- [Required action]: Filter the records below and copy every line containing the word "forall".

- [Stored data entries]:
****************

(* Let $A\in M_n(\mathbb{Z})$ induce an ergodic endomorphism of $\mathbb{T}^n$, and let $p$ be an odd prime with $\gcd(p,\det A)=1$. Let $\{u_m\}_{m\ge0}$ be the linear recurrence sequence induced by $A$ and, for $r\ge1$, let $T_r$ be the (minimal) period of the sequence $\{u_m \bmod p^r\}_{m\ge 0}$. Then there is $t\in\mathbb{N}$ such that $T_1=T_2=\cdots=T_t$ and $T_k=p^{k-t}T_1$ for every $k>t$.
   Context: Write $f(x)=\det(xI-A)=x^n-c_{n-1}x^{n-1}-\cdots-c_1x-c_0$. The linear recurrence sequence induced by $A$ is the integer sequence defined by $u_0=u_1=\cdots=u_{n-2}=0$, $u_{n-1}=1$, and $u_{m+n}=c_{n-1}u_{m+n-1}+\cdots+c_1u_{m+1}+c_0u_m$ for $m\ge 0$. When $\gcd(p,\det A)=1$, the sequence $\{u_m\bmod p^r\}$ is purely periodic. The endomorphism $x\mapsto Ax\bmod 1$ of $\mathbb{T}^n=\mathbb{R}^n/\mathbb{Z}^n$ is ergodic if it is ergodic with respect to Lebesgue measure (equivalently, $\det A\neq0$ and no eigenvalue of $A$ is a root of unity). *)

From HB Require Import structures.
From mathcomp Require Import all_boot all_order all_algebra all_field.
Set Implicit Arguments. Unset Strict Implicit. Unset Printing Implicit Defensive.
Import Order.TTheory GRing.Theory Num.Theory.
Local Open Scope ring_scope.

(* Ergodicity of x |-> Ax mod 1 on T^n: det A <> 0 and no (complex)
   eigenvalue of A is a root of unity.  Eigenvalues are the roots in algC
   of the characteristic polynomial. *)
Definition ergodic_mx (n : nat) (A : 'M[int]_n) : Prop :=
  \det A != 0 /\
  forall z : algC, root (map_poly (intr : int -> algC) (char_poly A)) z ->
    forall k : nat, (0 < k)%N -> z ^+ k != 1.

****************

- [Task output]:
  forall z : algC, root (map_poly (intr : int -> algC) (char_poly A)) z ->
    forall k : nat, (0 < k)%N -> z ^+ k != 1.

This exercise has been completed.